Несколько недель спустя тот же Гонкур, раздраженный хвалебной статьей Жиля о романе Золя в «Фигаро», снова нападает на ненавистную ему книгу: «Хорошо построенный старомодный роман, роман, состряпанный заурядным изготовителем… Мне нравится встречаться в книгах Золя с ним самим, по крайней мере, эту человеческую особь он изучил, – а он, похоже, знал в своей жизни очень мало людей, как мужчин, так и женщин! Но увидеть, что в одном и том же романе он слепил из собственной личности двух человек, Сандоза и Клода, это и правда чересчур. Вскоре, по примеру Гюго, все персонажи книг Золя превратятся в одних Золя, и я не поручусь, что после этого он не проберется и в своих героинь… Разве в своей книге он вывел художников? Это плотники, оцинковщики, канализационные рабочие… Что же касается революционных идей Золя в искусстве, это везде явное пережевывание речей и блестящих пассажей Шассаньоля и прочих. И повсюду, больше чем где-либо еще, едва переделанная копия… Но черт возьми! До чего же он продувная бестия, мой Золя, и он кое-что знает о том, как извлечь выгоду из того, что он у меня стянул… В сущности, Золя в литературе только и умеет, что подбивать новые подметки, и теперь, когда он закончил переписывать „Манетт Саломон“, он готовится написать заново „Крестьян“ Бальзака».
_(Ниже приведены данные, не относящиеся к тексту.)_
(* Let $(\mathbf{x}^1,y_l^1,y_r^1),\dots,(\mathbf{x}^T,y_l^T,y_r^T)$ be a sequence of examples with $\mathbf{x}^t\in\mathbb{R}^d$ and integers $1\le y_l^t\le y_r^t\le K$, and run the PA algorithm on it starting from $\mathbf{w}^1=\mathbf{0}$, $\boldsymbol\theta^1=\mathbf{0}$. Let $c=\min_{t\in[T]}(y_r^t-y_l^t)$, $R^2=\max_{t\in[T]}\Vert\mathbf{x}^t\Vert^2$, $D=1+R^2(K-c-1)$, and let $\mathbf{v}=(\mathbf{u},\mathbf{b})$ with $\mathbf{u}\in\mathbb{R}^d$, $\mathbf{b}\in\mathbb{R}^{K-1}$ be the parameters of an arbitrary predictor, $\Vert\mathbf{v}\Vert^2=\Vert\mathbf{u}\Vert^2+\Vert\mathbf{b}\Vert^2$. Then $$\sum_{t=1}^T\sum_{i=1}^{K-1}(l_i^t)^2\le D^2\left(\Vert\mathbf{v}\Vert+4(K-c-1)\sqrt{\sum_{t=1}^T\sum_{i=1}^{K-1}(l_i^{t*})^2}\right)^2 .$$
   Context: PA algorithm: at trial $t$, with current $(\mathbf{w}^t,\boldsymbol\theta^t)\in\mathbb{R}^d\times\mathbb{R}^{K-1}$, the new parameters $(\mathbf{w}^{t+1},\boldsymbol\theta^{t+1})$ are the unique minimizer of $\tfrac12\Vert\mathbf{w}-\mathbf{w}^t\Vert^2+\tfrac12\Vert\boldsymbol\theta-\boldsymbol\theta^t\Vert^2$ subject to $\mathbf{w}\cdot\mathbf{x}^t-\theta_i\ge1$ for $i=1,\dots,y_l^t-1$ and $\mathbf{w}\cdot\mathbf{x}^t-\theta_i\le-1$ for $i=y_r^t,\dots,K-1$. Losses of the algorithm at trial $t$: $l_i^t=\max(0,1+\theta_i^t-\mathbf{w}^t\cdot\mathbf{x}^t)$ for $1\le i\le y_l^t-1$, $l_i^t=\max(0,1+\mathbf{w}^t\cdot\mathbf{x}^t-\theta_i^t)$ for $y_r^t\le i\le K-1$, and $l_i^t=0$ for $y_l^t\le i\le y_r^t-1$. Losses of the fixed predictor $(\mathbf{u},\mathbf{b})$: $l_i^{t*}=\max(0,1-\mathbf{u}\cdot\mathbf{x}^t+b_i)$ for $1\le i\le y_l^t-1$, $l_i^{t*}=\max(0,1+\mathbf{u}\cdot\mathbf{x}^t-b_i)$ for $y_r^t\le i\le K-1$, and $0$ otherwise. *)

From mathcomp Require Import all_boot all_order all_algebra.
From mathcomp Require Import reals.
Set Implicit Arguments. Unset Strict Implicit. Unset Printing Implicit Defensive.
Import Order.TTheory GRing.Theory Num.Theory.
Local Open Scope ring_scope.

Section PA.
Variable R : realType.

Definition dotv (n : nat) (a b : 'rV[R]_n) : R := \sum_(j < n) a 0 j * b 0 j.
Definition sqnorm (n : nat) (a : 'rV[R]_n) : R := dotv a a.

(* Thresholds theta_1..theta_{K-1} are stored 0-based: theta_{i+1} = th 0 i,
   for i : 'I_(K-1). *)

Definition PA_feasible (d K : nat) (x : 'rV[R]_d) (yl yr : nat)
    (w : 'rV[R]_d) (th : 'rV[R]_(K - 1)) : Prop :=
  forall i : 'I_(K - 1),
    ((i.+1 < yl)%N -> 1 <= dotv w x - th 0 i) /\
    ((yr <= i.+1)%N -> dotv w x - th 0 i <= -1).

Definition PA_objective (d K : nat) (wt : 'rV[R]_d) (tht : 'rV[R]_(K - 1))
    (w : 'rV[R]_d) (th : 'rV[R]_(K - 1)) : R :=
  2^-1 * sqnorm (w - wt) + 2^-1 * sqnorm (th - tht).

Definition PA_update (d K : nat) (x : 'rV[R]_d) (yl yr : nat)
    (wt : 'rV[R]_d) (tht : 'rV[R]_(K - 1))
    (w' : 'rV[R]_d) (th' : 'rV[R]_(K - 1)) : Prop :=
  PA_feasible x yl yr w' th' /\
  forall (w : 'rV[R]_d) (th : 'rV[R]_(K - 1)),
    PA_feasible x yl yr w th ->
    PA_objective wt tht w' th' <= PA_objective wt tht w th.

(* The same formula gives both the algorithm's loss l_i^t (with (w^t,theta^t))
   and the fixed predictor's loss l_i^{t*} (with (u,b)). *)
Definition loss (d K : nat) (w : 'rV[R]_d) (th : 'rV[R]_(K - 1))
    (x : 'rV[R]_d) (yl yr : nat) (i : 'I_(K - 1)) : R :=
  if (i.+1 < yl)%N then Num.max 0 (1 + th 0 i - dotv w x)
  else if (yr <= i.+1)%N then Num.max 0 (1 + dotv w x - th 0 i)
  else 0.

End PA.

From mathcomp Require Import all_boot all_order all_algebra.
From mathcomp Require Import reals.
From mathcomp Require Import ring lra zify.
Set Implicit Arguments. Unset Strict Implicit. Unset Printing Implicit Defensive.
Import Order.TTheory GRing.Theory Num.Theory.
Local Open Scope ring_scope.

(* The PA update is the Euclidean projection of (w^t, theta^t) onto a convex
   polyhedron, so the step it makes has a nonnegative inner product with the
   direction to any feasible point.  Shifting every threshold of the comparator
   (u, b) by its own loss makes it feasible; this yields the progress inequality
     S_t - 2 sqrt (S_t L_t) <= |z^t - v|^2 - |z^(t+1) - v|^2,
   where S_t is the squared step length and L_t the squared loss of v = (u, b).
   Telescoping and Cauchy-Schwarz give sqrt (sum S_t) <= |v| + 2 sqrt (sum L_t).
   Conversely, feasibility of the new point bounds every active loss of the
   old one by a coordinate of the step, and at most K - c - 1 constraints are
   active, whence sum_i (l_i^t)^2 <= D S_t. *)

Lemma cauchy_schwarz_sum (R : realDomainType) (I : finType) (P : pred I) (F G : I -> R) :
  (\sum_(i | P i) F i * G i) ^+ 2 <= (\sum_(i | P i) F i ^+ 2) * (\sum_(i | P i) G i ^+ 2).
Proof.
set A := \sum_(i | P i) F i ^+ 2; set B := \sum_(i | P i) G i ^+ 2.
set C := \sum_(i | P i) F i * G i.
have lagrange :
    \sum_(i | P i) \sum_(j | P j) (F i * G j - F j * G i) ^+ 2 = 2 * (A * B - C ^+ 2).
  transitivity (\sum_(i | P i) \sum_(j | P j)
      (F i ^+ 2 * G j ^+ 2 + G i ^+ 2 * F j ^+ 2 - 2 * ((F i * G i) * (F j * G j)))).
    by apply: eq_bigr => i _; apply: eq_bigr => j _; ring.
  have expand (f g : I -> R) : \sum_(i | P i) \sum_(j | P j) f i * g j =
      (\sum_(i | P i) f i) * (\sum_(j | P j) g j) by rewrite big_distrlr.
  rewrite (eq_bigr (fun i => \sum_(j | P j) (F i ^+ 2 * G j ^+ 2)
      + \sum_(j | P j) (G i ^+ 2 * F j ^+ 2)
      - 2 * \sum_(j | P j) (F i * G i) * (F j * G j))); last first.
    by move=> i _; rewrite sumrB big_split mulr_sumr.
  rewrite sumrB big_split /= -mulr_sumr !expand -/A -/B -/C; ring.
have : 0 <= 2 * (A * B - C ^+ 2).
  by rewrite -lagrange; do 2!(apply: sumr_ge0 => ? _); exact: sqr_ge0.
by rewrite pmulr_rge0 // subr_ge0.
Qed.

Lemma sum_sqrtM_le (R : rcfType) (I : finType) (f g : I -> R) :
  (forall i, 0 <= f i) -> (forall i, 0 <= g i) ->
  \sum_i Num.sqrt (f i * g i) <= Num.sqrt (\sum_i f i) * Num.sqrt (\sum_i g i).
Proof.
move=> f0 g0; rewrite -sqrtrM ?sumr_ge0 //.
have sq (h : I -> R) : (forall i, 0 <= h i) -> \sum_i h i = \sum_i Num.sqrt (h i) ^+ 2.
  by move=> h0; apply: eq_bigr => i _; rewrite sqr_sqrtr.
under eq_bigr do rewrite sqrtrM //.
rewrite (sq f) // (sq g) // -[leLHS]ger0_norm; last first.
  by apply: sumr_ge0 => i _; rewrite mulr_ge0 ?sqrtr_ge0.
rewrite -sqrtr_sqr ler_sqrt ?mulr_ge0 ?sumr_ge0 // => [|i _|i _]; try exact: sqr_ge0.
exact: (cauchy_schwarz_sum xpredT (fun i => Num.sqrt (f i)) (fun i => Num.sqrt (g i))).
Qed.
(* Let $\lambda:\frac12\mathbb{N}\to\mathbb{C}$ and let $\sigma\in\Phi^0(SU_q(2))$ satisfy $\sum_{j=-l}^{l}\sigma_{i_0j}(l)=\lambda(l)$ for every $l\in\frac12\mathbb{N}$ and every $-l\le i_0\le l$. Then $\{\lambda(l)\}_{l\in\frac12\mathbb{N}}\subseteq\mathrm{spec}(T_\sigma)$, and the multiplicity of $\lambda(l)$ as an eigenvalue is at least $2l+1$.
   Context: Fix $0<q<1$. $SU_q(2)$ is the $*$-algebra generated by $a,c$ with $ac^*=qc^*a$, $ca^*=qa^*c$, $c^*a^*=qa^*c^*$, $c^*c=cc^*$, $aa^*+q^2c^*c=a^*a+c^*c=1$, with Haar state $h$. For $l\in\frac12\mathbb{N}$, $T^l=[t^l_{ij}]_{-l\le i,j\le l}$ is the irreducible unitary matrix corepresentation of dimension $2l+1$; $\{t^l_{ij}\}$ is an orthogonal basis with $h(t^l_{ij}(t^l_{ij})^* )=[2l+1]_q^{-1}q^{2j}$, $[x]_q=\frac{q^x-q^{-x}}{q-q^{-1}}$. Fourier transform: $\hat f(l)_{mn}=h(f(t^l_{nm})^* )$. $Tr_q(M)=Tr(D_qM)$, $D_q=\mathrm{diag}(q^{-2i})_{-l\le i\le l}$. A symbol is a map $\sigma:\frac12\mathbb{N}\to\bigcup_lM_{2l+1}(\mathbb{C})\otimes SU_q(2)$ (matrix entries $\sigma_{ij}(l)$, $-l\le i,j\le l$), with operator $T_\sigma f=\sum_l[2l+1]_qTr_q(\sigma(l)\hat f(l)T^l)$. With $I_{2l+1}=\{-l,\dots,l\}$: $\sigma$ is homogeneous of Fourier order $m\in\frac12\mathbb{N}$ if for each $l$ there is $\psi_\sigma(l):I_{2l+1}^2\to I_{2l+1}^2$ with $\sigma(l)_{ij}\in\mathrm{Span}\{t^m_{\psi_\sigma(l)(i,j)}\}$ and $\sigma(l)_{ij}=0$ when $\psi_\sigma(l)(i,j)\notin I_{2m+1}^2$; $\Phi^m(SU_q(2))$ consists of finite linear combinations of such symbols; in particular symbols in $\Phi^0$ have complex entries. *)

From HB Require Import structures.
From mathcomp Require Import all_boot all_order all_algebra.
Set Implicit Arguments. Unset Strict Implicit. Unset Printing Implicit Defensive.
Import Order.TTheory GRing.Theory Num.Theory.
Local Open Scope ring_scope.

Section SUq2.
Variables (C : numClosedFieldType) (q : C).

(* Conventions: l in 1/2 N is encoded by n = 2l : nat; an index
   -l <= i <= l is encoded by k : 'I_n.+1 with i = k - n/2, so 2i = 2k - n. *)

Definition qint (m : nat) : C := (q ^+ m - q ^- m) / (q - q^-1).

Definition twice_idx (n : nat) (k : 'I_n.+1) : int := Posz (2 * k)%N - Posz n.

Definition lin_fun (V : lmodType C) (phi : V -> C) :=
  forall k x y, phi (k *: x + y) = k * phi x + phi y.

Definition lin_map (V W : lmodType C) (f : V -> W) :=
  forall k x y, f (k *: x + y) = k *: f x + f y.

Inductive generated (A : algType C) (star : A -> A) (a c : A) : A -> Prop :=
| gen_a : generated star a c a
| gen_c : generated star a c c
| gen_as : generated star a c (star a)
| gen_cs : generated star a c (star c)
| gen_1 : generated star a c 1
| gen_add x y : generated star a c x -> generated star a c y -> generated star a c (x + y)
| gen_scale k x : generated star a c x -> generated star a c (k *: x)
| gen_mul x y : generated star a c x -> generated star a c y -> generated star a c (x * y).

(* A model of SU_q(2): the *-algebra A generated by a, c with the defining
   relations, its Haar state h, the matrix coefficients t^l_{ij} of the
   irreducible unitary corepresentations T^l, and the comultiplication
   (into an algebra B playing the role of A (x) A, with slice maps). *)
Record SUq2_model (A : algType C) : Type := SUq2Model {
  star : A -> A;
  ga : A;
  gc : A;
  haar : A -> C;
  tc : forall n : nat, 'I_n.+1 -> 'I_n.+1 -> A;
  B : algType C;
  tens : A -> A -> B;
  coprod : A -> B;
  slL : (A -> C) -> B -> A;
  slR : (A -> C) -> B -> A;
  star_add : forall x y, star (x + y) = star x + star y;
  star_scale : forall k x, star (k *: x) = k^* *: star x;
  star_mul : forall x y, star (x * y) = star y * star x;
  star_invol : forall x, star (star x) = x;
  rel1 : ga * star gc = q *: (star gc * ga);
  rel2 : gc * star ga = q *: (star ga * gc);
  rel3 : star gc * star ga = q *: (star ga * star gc);
  rel4 : star gc * gc = gc * star gc;
  rel5 : ga * star ga + q ^+ 2 *: (star gc * gc) = 1;
  rel6 : star ga * ga + star gc * gc = 1;
  generated_all : forall x, generated star ga gc x;
  haar_lin : lin_fun haar;
  haar_1 : haar 1 = 1;
  haar_pos : forall x, 0 <= haar (star x * x);
  tens_linl : forall y, lin_map (fun x => tens x y);
  tens_linr : forall x, lin_map (tens x);
  tens_mul : forall x y x' y', tens (x * x') (y * y') = tens x y * tens x' y';
  tens_1 : tens 1 1 = 1;
  slL_spec : forall phi, lin_fun phi ->
     lin_map (slL phi) /\ forall x y, slL phi (tens x y) = phi x *: y;
  slR_spec : forall phi, lin_fun phi ->
     lin_map (slR phi) /\ forall x y, slR phi (tens x y) = phi y *: x;
  coprod_lin : lin_map coprod;
  coprod_mul : forall x y, coprod (x * y) = coprod x * coprod y;
  coprod_1 : coprod 1 = 1;
  haar_invL : forall x, slL haar (coprod x) = haar x *: 1;
  haar_invR : forall x, slR haar (coprod x) = haar x *: 1;
  t_corep : forall n (i j : 'I_n.+1),
     coprod (tc i j) = \sum_(k < n.+1) tens (tc i k) (tc k j);
  t_unitary1 : forall n (i j : 'I_n.+1),
     \sum_(k < n.+1) tc i k * star (tc j k) = (i == j)%:R;
  t_unitary2 : forall n (i j : 'I_n.+1),
     \sum_(k < n.+1) star (tc k i) * tc k j = (i == j)%:R;
  t_zero : tc (n := 0) ord0 ord0 = 1;
  t_half : [/\ tc (n := 1) ord0 ord0 = ga, tc (n := 1) ord0 ord_max = - (q *: star gc),
               tc (n := 1) ord_max ord0 = gc & tc (n := 1) ord_max ord_max = star ga];
  t_span : forall f, exists N (co : forall n : nat, 'I_n.+1 -> 'I_n.+1 -> C),
     f = \sum_(n < N) \sum_(i < n.+1) \sum_(j < n.+1) co n i j *: tc i j;
  t_orth : forall n n' (i j : 'I_n.+1) (i' j' : 'I_n'.+1),
     haar (tc i j * star (tc i' j')) =
       if [&& n == n', val i == val i' & val j == val j']
       then (qint n.+1)^-1 * q ^ twice_idx j else 0
}.

Variables (A : algType C) (M : SUq2_model A).

Definition fhat (f : A) (n : nat) : 'M[C]_n.+1 :=
  \matrix_(r, s) haar M (f * star M (tc M s r)).

(* [2l+1]_q Tr_q(S T^l) for a complex matrix S, where Tr_q(X) = Tr(D_q X),
   D_q = diag(q^{-2i}) *)
Definition qtrace_T (n : nat) (S : 'M[C]_n.+1) : A :=
  qint n.+1 *: \sum_(i < n.+1) q ^ (- twice_idx i) *:
                 \sum_(k < n.+1) S i k *: tc M k i.

Definition symbol0 := forall n : nat, 'M[C]_n.+1.

(* g = T_sigma f, where T_sigma f = sum_l [2l+1]_q Tr_q(sigma(l) hat f(l) T^l);
   the sum has finitely many nonzero terms. *)
Definition Tsigma_is (sigma : symbol0) (f g : A) : Prop :=
  exists N : nat, (forall m, (N <= m)%N -> fhat f m = 0) /\
    g = \sum_(m < N) qtrace_T (sigma m *m fhat f m).

Definition is_eigenvalue (sigma : symbol0) (lam : C) : Prop :=
  exists f : A, f != 0 /\ Tsigma_is sigma f (lam *: f).

Definition lin_indep (m : nat) (v : 'I_m -> A) : Prop :=
  forall co : 'I_m -> C, \sum_(k < m) co k *: v k = 0 -> forall k, co k = 0.

End SUq2.

From HB Require Import structures.
From mathcomp Require Import all_boot all_order all_algebra.
Import Order.TTheory GRing.Theory Num.Theory.
Local Open Scope ring_scope.

(* For a symbol of order 0 the operator T_sigma acts on the span of the n-th
   matrix coefficients through the matrix sigma(n).  Take the rows of T^n
   weighted by D_q, v_a = sum_b q^(-2b) t^n_ab: by Schur orthogonality their
   Fourier transform is supported in degree n, where every row equals
   [n+1]_q^-1 e_a.  Multiplying by sigma(n) only scales this by the common row
   sum lam(n), so T_sigma v_a = lam(n) v_a; the same orthogonality relations
   show that the n+1 vectors v_a are linearly independent. *)

Set Implicit Arguments.
Unset Strict Implicit.
Unset Printing Implicit Defensive.

Lemma mulmx_const_row_sums (R : comPzRingType) n (S : 'M[R]_n.+1) (lam c : R)
    (a : 'I_n.+1) :
  (forall i, \sum_(j < n.+1) S i j = lam) ->
  S *m \matrix_(r, s) ((s == a)%:R * c) = \matrix_(r, s) ((s == a)%:R * (lam * c)).
Proof.
move=> row_sums; apply/matrixP => i s; rewrite !mxE.
under eq_bigr do rewrite mxE mulrCA.
by rewrite -mulr_sumr -big_distrl /= row_sums.
Qed.

Section LinearForms.
Variable C : numClosedFieldType.

Lemma lin_fun0 (V : lmodType C) (phi : V -> C) : lin_fun phi -> phi 0 = 0.
Proof.
move=> phi_lin; have := phi_lin 1 0 0; rewrite scale1r addr0 mul1r.
by move/(congr1 (fun x => x - phi 0)); rewrite addrK subrr.
Qed.

Lemma lin_funD (V : lmodType C) (phi : V -> C) : lin_fun phi ->
  forall x y, phi (x + y) = phi x + phi y.
Proof. by move=> phi_lin x y; have := phi_lin 1 x y; rewrite scale1r mul1r. Qed.

Lemma lin_funZ (V : lmodType C) (phi : V -> C) : lin_fun phi ->
  forall k x, phi (k *: x) = k * phi x.
Proof.
by move=> phi_lin k x; have := phi_lin k x 0; rewrite addr0 (lin_fun0 phi_lin) addr0.
Qed.

Lemma lin_fun_sum (V : lmodType C) (phi : V -> C) : lin_fun phi ->
  forall m (F : 'I_m -> V), phi (\sum_(i < m) F i) = \sum_(i < m) phi (F i).
Proof.
move=> phi_lin m F; elim/big_rec2: _ => [|i y1 y2 _ <-]; first exact: lin_fun0.
exact: lin_funD.
Qed.

Lemma lin_indep_neq0 (A : algType C) m (v : 'I_m -> A) :
  lin_indep v -> forall k, v k != 0.
Proof.
move=> v_indep k; apply/eqP => vk0.
have delta_sum0 : \sum_(a < m) (a == k)%:R *: v a = 0.
  rewrite (bigD1 k) //= vk0 scaler0 add0r big1 // => a /negbTE ->.
  exact: scale0r.
by have := v_indep _ delta_sum0 k; rewrite eqxx => /eqP; rewrite oner_eq0.
Qed.

Lemma qint_neq0 (q : C) : 0 < q < 1 -> forall m, (0 < m)%N -> qint q m != 0.
Proof.
case/andP=> q_gt0 q_lt1.
have qX_neq : forall m, (0 < m)%N -> q ^+ m - q ^- m != 0.
  move=> m m_gt0; rewrite subr_eq0 lt_eqF //.
  have qX_lt1 : q ^+ m < 1 by rewrite exprn_ilt1 ?ltW // -lt0n.
  by apply: (lt_trans qX_lt1); rewrite invf_gt1 // exprn_gt0.
move=> m m_gt0; rewrite /qint mulf_neq0 ?invr_eq0 ?qX_neq //.
by have := qX_neq 1%N isT; rewrite expr1.
Qed.

End LinearForms.

Section WeightedRows.
Variables (C : numClosedFieldType) (q : C) (A : algType C) (M : SUq2_model q A).
Hypothesis q_range : 0 < q < 1.

Let q_neq0 : q != 0.
Proof. by case/andP: q_range => q_gt0 _; rewrite gt_eqF. Qed.

Let qint_succ_neq0 n : qint q n.+1 != 0.
Proof. exact: qint_neq0. Qed.

Definition qrow n (a : 'I_n.+1) : A :=
  \sum_(b < n.+1) q ^ (- twice_idx b) *: tc M a b.

Lemma haar_mulr_lin (g : A) : lin_fun (fun x : A => haar M (x * g)).
Proof. by move=> k x y; rewrite mulrDl -scalerAl (haar_lin M). Qed.

Lemma haar_qrow_tc n (a : 'I_n.+1) m (s r : 'I_m.+1) :
  haar M (qrow a * star M (tc M s r)) =
  if (n == m) && (val a == val s) then (qint q n.+1)^-1 else 0.
Proof.
rewrite /qrow (lin_fun_sum (haar_mulr_lin _)).
under eq_bigr do rewrite -scalerAl (lin_funZ (haar_lin M)) (t_orth M).
have [n_eq_m|_] /= := eqVneq n m; last by rewrite big1 // => b _; rewrite mulr0.
subst m.
have [_ /=|_] := eqVneq (val a) (val s); last by rewrite big1 // => b _; rewrite mulr0.
rewrite (bigD1 r) //= eqxx mulrCA -expfzDr // addNr expr0z mulr1.
by rewrite big1 ?addr0 // => b /negbTE b_neq_r; rewrite val_eqE b_neq_r mulr0.
Qed.

Lemma fhat_qrow_neq n (a : 'I_n.+1) m : m != n -> fhat M (qrow a) m = 0.
Proof.
by move=> m_neq_n; apply/matrixP => r s; rewrite !mxE haar_qrow_tc eq_sym (negbTE m_neq_n).
Qed.

Lemma fhat_qrow n (a : 'I_n.+1) :
  fhat M (qrow a) n = \matrix_(r, s) ((s == a)%:R * (qint q n.+1)^-1).
Proof.
apply/matrixP => r s; rewrite !mxE haar_qrow_tc eqxx /= val_eqE eq_sym.
by case: (s == a); rewrite ?mul1r ?mul0r.
Qed.

Lemma qtrace_T0 n : qtrace_T M (0 : 'M_n.+1) = 0.
Proof.
rewrite /qtrace_T big1 ?scaler0 // => i _.
by rewrite big1 ?scaler0 // => k _; rewrite mxE scale0r.
Qed.

Lemma qtrace_T_col n (a : 'I_n.+1) (x : C) :
  qtrace_T M (\matrix_(i, k) ((k == a)%:R * x)) = (qint q n.+1 * x) *: qrow a.
Proof.
rewrite /qtrace_T /qrow -scalerA; congr (_ *: _).
rewrite scaler_sumr; apply: eq_bigr => i _.
rewrite (bigD1 a) //= big1 ?addr0 => [|k /negbTE k_neq_a]; last first.
  by rewrite mxE k_neq_a mul0r scale0r.
by rewrite mxE eqxx mul1r !scalerA mulrC.
Qed.

Lemma Tsigma_is_supported (sigma : symbol0 C) (f : A) n :
  (forall m, m != n -> fhat M f m = 0) ->
  Tsigma_is M sigma f (qtrace_T M (sigma n *m fhat M f n)).
Proof.
move=> f_supp; exists n.+1; split.
  by move=> m m_gt_n; apply: f_supp; rewrite neq_ltn m_gt_n orbT.
rewrite big_ord_recr /= big1 ?add0r // => m _.
by rewrite f_supp ?neq_ltn ?ltn_ord // mulmx0 qtrace_T0.
Qed.

Lemma Tsigma_qrow (sigma : symbol0 C) (lam : nat -> C) n (a : 'I_n.+1) :
  (forall i, \sum_(j < n.+1) sigma n i j = lam n) ->
  Tsigma_is M sigma (qrow a) (lam n *: qrow a).
Proof.
move=> row_sums; have := Tsigma_is_supported sigma (fhat_qrow_neq a).
rewrite fhat_qrow (mulmx_const_row_sums _ _ row_sums) qtrace_T_col.
by rewrite mulrCA mulfV // mulr1.
Qed.

Lemma qrow_indep n : lin_indep (@qrow n).
Proof.
move=> co co_sum0 k.
have := congr1 (fun x => haar M (x * star M (tc M k k))) co_sum0.
rewrite /= (lin_fun0 (haar_mulr_lin _)) (lin_fun_sum (haar_mulr_lin _)).
under eq_bigr do rewrite (lin_funZ (haar_mulr_lin _)) /= haar_qrow_tc eqxx /= val_eqE.
rewrite (bigD1 k) //= eqxx big1 => [|a /negbTE ->]; last exact: mulr0.
by move/eqP; rewrite addr0 mulf_eq0 invr_eq0 (negbTE (qint_succ_neq0 n)) orbF => /eqP.
Qed.

End WeightedRows.

Theorem mainTheorem9 (C : numClosedFieldType) (q : C) (hq : 0 < q < 1)
    (A : algType C) (M : SUq2_model q A) (lam : nat -> C) (sigma : symbol0 C)
    (hrow : forall (n : nat) (i0 : 'I_n.+1), \sum_(j < n.+1) sigma n i0 j = lam n) :
  forall n : nat,
    is_eigenvalue M sigma (lam n) /\
    exists v : 'I_n.+1 -> A,
      lin_indep v /\ forall k, Tsigma_is M sigma (v k) (lam n *: v k).
Proof.
move=> n; have eigen_qrow k := Tsigma_qrow M hq k (hrow n).
have qrow_free : lin_indep (qrow M (n := n)) by exact: qrow_indep.
split; last by exists (qrow M (n := n)).
by exists (qrow M (ord0 : 'I_n.+1)); split; [exact: lin_indep_neq0 | exact: eigen_qrow].
Qed.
Пять дней спустя, ужиная вместе с четой Золя у Доде, Гонкур о «Творчестве» отзывался в целом одобрительно, но все же с некоторыми оговорками, от которых писатель мучительно замирал на своем стуле. Когда гости поднялись из-за стола, спор между двумя собратьями по перу о преобладании духа над силой сделался таким ожесточенным, что Александрина пронзительным голосом зачастила: «Если вы не прекратите, я сейчас начну плакать… Если вы не прекратите, я сейчас уйду!» Гонкур возмутился: «У этого человека, живущего в уединении и поддерживающего отношения лишь со слугами его славы, и впрямь начинается мания величия; автор не может вытерпеть ни единого упрека, ни единого замечания, ни малейшего неодобрения». Вывод крайне несправедливый, потому что за свою долгую карьеру Золя пришлось получить немало упреков и замечаний, и он всегда мужественно их терпел. Впрочем, газеты на этот раз были скорее благосклонны к нему, хотя и упрекали автора за его унылое и наводящее тоску изображение мира художников.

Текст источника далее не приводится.